WHAT IS EXPECTED: Look through the entries that follow and count the lines with the word "Implicit". The reply is that number alone.

RECORDS:
· · · ·

(* Let $d\ge 3$ and let $P$ be a finite set of points in $\mathbb{R}^d$. Let $C$ be the set of centers of all smallest axis-aligned hypercubes enclosing $P$. Then there exists a minimum-width hypercubic shell enclosing $P$ whose center lies in $C$.
   Context: The $L_\infty$ norm is $\|p\|=\max_i|x_i(p)|$; $\mathbf{B}(c,r)=\{q:\|q-c\|\le r\}$ is the axis-aligned hypercube with center $c$ and radius $r$. A smallest enclosing hypercube of $P$ is one of minimum radius containing $P$. A hypercubic shell with center $c$ is $\mathbf{B}(c,r)\setminus\operatorname{int}\mathbf{B}(c,r')$ with $r\ge r'\ge0$, of width $r-r'$; it encloses $P$ if it contains $P$. A minimum-width hypercubic shell enclosing $P$ is one of smallest width among all hypercubic shells enclosing $P$. *)

From HB Require Import structures.
From mathcomp Require Import all_boot all_order all_algebra.
From mathcomp Require Import reals.
Set Implicit Arguments. Unset Strict Implicit. Unset Printing Implicit Defensive.
Import Order.TTheory GRing.Theory Num.Theory.
Local Open Scope ring_scope.

Definition linf (R : realType) (d : nat) (p : 'rV[R]_d) : R :=
  \big[Num.max/0]_(i < d) `|p ord0 i|.

Definition cube_encloses (R : realType) (d : nat) (P : seq 'rV[R]_d)
  (c : 'rV[R]_d) (r : R) : Prop :=
  0 <= r /\ forall p, p \in P -> linf (p - c) <= r.

Definition smallest_enclosing_cube (R : realType) (d : nat) (P : seq 'rV[R]_d)
  (c : 'rV[R]_d) (r : R) : Prop :=
  cube_encloses P c r /\
  forall c' r', cube_encloses P c' r' -> r <= r'.

(* The shell B(c,r) \ int B(c,r'), r >= r' >= 0, contains P.
   int B(c,r') = { q : ||q - c|| < r' }. *)
Definition shell_encloses (R : realType) (d : nat) (P : seq 'rV[R]_d)
  (c : 'rV[R]_d) (r r' : R) : Prop :=
  0 <= r' /\ r' <= r /\
  forall p, p \in P -> r' <= linf (p - c) /\ linf (p - c) <= r.

Definition min_width_shell (R : realType) (d : nat) (P : seq 'rV[R]_d)
  (c : 'rV[R]_d) (r r' : R) : Prop :=
  shell_encloses P c r r' /\
  forall c2 r2 r2', shell_encloses P c2 r2 r2' -> r - r' <= r2 - r2'.

(* The smallest enclosing hypercubes of P all have the radius
   r* = max_i (b_i - a_i) / 2, where [a_i, b_i] is the range of the i-th
   coordinate over P, and their centers form the box
   K = prod_i [b_i - r*, a_i + r*].  If a shell of outer radius r encloses P,
   clamping its center into K moves it by at most r - r* in the L_inf norm,
   so the inner radius c |-> min_{p in P} ||p - c|| drops by at most r - r*.
   The inner radius is 1-Lipschitz, hence attains its maximum on the compact
   box K, and the shell of outer radius r* around a maximiser has minimum
   width. *)
From HB Require Import structures.
From mathcomp Require Import all_boot all_order all_algebra.
From mathcomp Require Import reals classical_sets topology normedtype derive.
From mathcomp Require Import lra.
Import Order.TTheory GRing.Theory Num.Theory.
Import numFieldNormedType.Exports.
Local Open Scope ring_scope.
Local Open Scope classical_set_scope.

Lemma clamp_near (R : realDomainType) (u v x t : R) : u <= v -> 0 <= t ->
  u - t <= x <= v + t ->
  u <= Num.max u (Num.min x v) <= v /\ `|Num.max u (Num.min x v) - x| <= t.
Proof.
move=> uv t0 /andP[ux xv]; rewrite ler_distlC.
case: (leP x v) => xv'; first case: (leP u x) => ux'.
all: try case: (leP u v) => uv'.
all: by split; apply/andP; split; lra.
Qed.

Section Linf.
Context {R : realType} {d : nat}.
Implicit Types x y : 'rV[R]_d.

Lemma linf_ge0 x : 0 <= linf x.
Proof. exact: bigmax_ge_id. Qed.

Lemma coord_le_linf x i : `|x ord0 i| <= linf x.
Proof. exact: (le_bigmax _ (fun i => `|x ord0 i|)). Qed.

Lemma linf_le x r : 0 <= r -> (forall i, `|x ord0 i| <= r) -> linf x <= r.
Proof. by move=> r0 xr; apply: bigmax_le. Qed.

Lemma linfN x : linf (- x) = linf x.
Proof. by apply: eq_bigr => i _; rewrite mxE normrN. Qed.

Lemma linfD_le x y : linf (x + y) <= linf x + linf y.
Proof.
apply: linf_le => [|i]; first by rewrite addr_ge0 ?linf_ge0.
by rewrite mxE (le_trans (ler_normD _ _)) ?lerD ?coord_le_linf.
Qed.

Lemma linf_le_norm x : linf x <= `|x|.
Proof.
apply: linf_le => // i; rewrite [`|x|]mx_normrE.
exact: (le_bigmax _ (fun ij => `|x ij.1 ij.2|) (ord0, i)).
Qed.

Lemma linf_lipschitz_continuous (f : 'rV[R]_d -> R) :
  (forall x y, f x <= f y + linf (y - x)) -> continuous f.
Proof.
move=> f_lip x; apply/(@cvgrPdist_lt _ _ _ (nbhs x) (nbhs_filter x)) => e e0.
apply: filterS (@near_ball R _ x e e0) => y; rewrite -ball_normE /= => xy.
have yx_le : linf (y - x) <= `|x - y| by rewrite -linfN opprB linf_le_norm.
have xy_le : linf (x - y) <= `|x - y| := linf_le_norm _.
have := f_lip x y; have := f_lip y x; rewrite ltr_distlC; lra.
Qed.

End Linf.

Section Enclosure.
Variables (R : realType) (d : nat) (P : seq 'rV[R]_d) (p0 : 'rV[R]_d).
Hypothesis p0P : p0 \in P.
Implicit Types (c p : 'rV[R]_d) (r : R).

Definition coord_min i := \big[Num.min/p0 ord0 i]_(p <- P) p ord0 i.
Definition coord_max i := \big[Num.max/p0 ord0 i]_(p <- P) p ord0 i.

Definition min_cube_radius := \big[Num.max/0]_(i < d) ((coord_max i - coord_min i) / 2).

Definition cube_centers : set 'rV[R]_d :=
  [set c | forall i,
    `[coord_max i - min_cube_radius, coord_min i + min_cube_radius] (c ord0 i)].

Definition inner_radius c := \big[Num.min/linf (p0 - c)]_(p <- P) linf (p - c).

Lemma coord_min_le p i : p \in P -> coord_min i <= p ord0 i.
Proof. by move=> pP; rewrite /coord_min (ge_bigmin_seq _ _ _ _ pP). Qed.

Lemma le_coord_max p i : p \in P -> p ord0 i <= coord_max i.
Proof. by move=> pP; rewrite /coord_max (le_bigmax_seq _ _ _ _ pP). Qed.

Lemma le_min_cube_radius i : (coord_max i - coord_min i) / 2 <= min_cube_radius.
Proof. exact: (le_bigmax _ (fun i => (coord_max i - coord_min i) / 2)). Qed.

Lemma cube_enclosesP c r : cube_encloses P c r <->
  0 <= r /\ forall i, coord_max i - r <= c ord0 i <= coord_min i + r.
Proof.
split=> [[r0 Pr]|[r0 cr]]; split=> //; [move=> i | move=> p pP].
  have near_c p : p \in P -> c ord0 i - r <= p ord0 i <= c ord0 i + r.
    move=> pP; rewrite -ler_distl; apply: le_trans (Pr p pP).
    by move: (coord_le_linf (p - c) i); rewrite !mxE.
  have /andP[lo0 hi0] := near_c p0 p0P.
  have hi : coord_max i <= c ord0 i + r.
    by rewrite /coord_max big_seq; apply: bigmax_le => // p /near_c/andP[].
  have lo : c ord0 i - r <= coord_min i.
    by rewrite /coord_min big_seq; apply: le_bigmin => // p /near_c/andP[].
  by apply/andP; split; lra.
apply: linf_le => // i; rewrite !mxE ler_distlC.
have := cr i; have := coord_min_le _ i pP; have := le_coord_max _ i pP; lra.
Qed.

Lemma min_cube_radius_le c r : cube_encloses P c r -> min_cube_radius <= r.
Proof.
move=> /cube_enclosesP[r0 cr]; apply: bigmax_le => // i _.
by have := cr i; lra.
Qed.

Lemma cube_centers_smallest c :
  cube_centers c -> smallest_enclosing_cube P c min_cube_radius.
Proof.
move=> Kc; split; last exact: min_cube_radius_le.
apply/cube_enclosesP; split=> [|i]; first exact: bigmax_ge_id.
by have := Kc i; rewrite /= in_itv.
Qed.

Lemma cube_centers_neq0 : cube_centers !=set0.
Proof.
exists (\row_i ((coord_min i + coord_max i) / 2)) => i /=.
rewrite mxE in_itv /=; have := le_min_cube_radius i; lra.
Qed.

Lemma compact_cube_centers : compact cube_centers.
Proof.
apply: (@rV_compact _ _ (fun i => `[coord_max i - min_cube_radius,
                                     coord_min i + min_cube_radius])).
by move=> i; exact: segment_compact.
Qed.

Lemma cube_centers_near c r : cube_encloses P c r ->
  exists2 c', cube_centers c' & linf (c' - c) <= r - min_cube_radius.
Proof.
move=> cr; have r_ge := min_cube_radius_le _ _ cr.
move/cube_enclosesP: cr => [_ cr].
pose clamp i := Num.max (coord_max i - min_cube_radius)
                        (Num.min (c ord0 i) (coord_min i + min_cube_radius)).
have clamp_i i : coord_max i - min_cube_radius <= clamp i
                    <= coord_min i + min_cube_radius
                  /\ `|clamp i - c ord0 i| <= r - min_cube_radius.
  have := cr i; have := le_min_cube_radius i => rs_ge /andP[lo hi].
  by apply: clamp_near; rewrite ?subr_ge0 //; [lra | apply/andP; split; lra].
exists (\row_i clamp i) => [i|].
  by rewrite mxE /= in_itv; exact: (clamp_i i).1.
apply: linf_le => [|i]; first by rewrite subr_ge0.
by rewrite !mxE; exact: (clamp_i i).2.
Qed.

Lemma inner_radius_le c p : p \in P -> inner_radius c <= linf (p - c).
Proof. by move=> pP; rewrite /inner_radius (ge_bigmin_seq _ _ _ _ pP). Qed.

Lemma le_inner_radius c t :
  (forall p, p \in P -> t <= linf (p - c)) -> t <= inner_radius c.
Proof.
by move=> tP; rewrite /inner_radius big_seq; apply: le_bigmin => [|p]; apply: tP.
Qed.

Lemma inner_radius_lipschitz c c' :
  inner_radius c <= inner_radius c' + linf (c' - c).
Proof.
rewrite -lerBlDr; apply: le_inner_radius => p pP; rewrite lerBlDr.
apply: le_trans (inner_radius_le c _ pP) _.
by rewrite -[p - c](subrKA c') linfD_le.
Qed.

Lemma shell_encloses_inner_radius c r :
  cube_encloses P c r -> shell_encloses P c r (inner_radius c).
Proof.
move=> [_ Pr]; split; first by apply: le_inner_radius => p _; exact: linf_ge0.
split; first exact: le_trans (inner_radius_le c _ p0P) (Pr p0 p0P).
by move=> p pP; rewrite inner_radius_le ?Pr.
Qed.

Lemma shell_width_ge c r r' : shell_encloses P c r r' ->
  exists2 c', cube_centers c' & min_cube_radius - inner_radius c' <= r - r'.
Proof.
move=> [r'0 [r'r Pr]].
have /cube_centers_near[c' Kc' c'c] : cube_encloses P c r.
  by split=> [|p /Pr[]//]; lra.
exists c' => //; have := inner_radius_lipschitz c c'.
have : r' <= inner_radius c by apply: le_inner_radius => p /Pr[].
lra.
Qed.

Lemma min_width_shell_at_smallest_cube_center : exists c,
  min_width_shell P c min_cube_radius (inner_radius c) /\
  smallest_enclosing_cube P c min_cube_radius.
Proof.
have f_cont : {within cube_centers, continuous inner_radius}.
  exact/continuous_subspaceT/linf_lipschitz_continuous/inner_radius_lipschitz.
have [c /set_mem Kc c_max] :=
  compact_EVT_max cube_centers_neq0 compact_cube_centers f_cont.
have c_cube := cube_centers_smallest _ Kc.
exists c; split=> //; split; first exact: shell_encloses_inner_radius c_cube.1.
by move=> c2 r2 r2' /shell_width_ge[c' /mem_set/c_max]; lra.
Qed.

End Enclosure.

Theorem lemma3 (R : realType) (d : nat) (hd : (3 <= d)%N)
  (P : seq 'rV[R]_d) :
  exists (c : 'rV[R]_d) (r r' : R),
    min_width_shell P c r r' /\
    (exists rc : R, smallest_enclosing_cube P c rc).
Proof.
case: P => [|p0 P'].
  exists 0, 0, 0; split; first by split=> // c r r' [r'0 [r'r _]]; lra.
  by exists 0; split=> // c r [].
have [c [c_shell c_cube]] :=
  @min_width_shell_at_smallest_cube_center R d _ _ (mem_head p0 P').
by exists c; do 2!eexists; split; [exact: c_shell | eexists; exact: c_cube].
Qed.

· · · ·

ANSWER TO THIS TASK: 3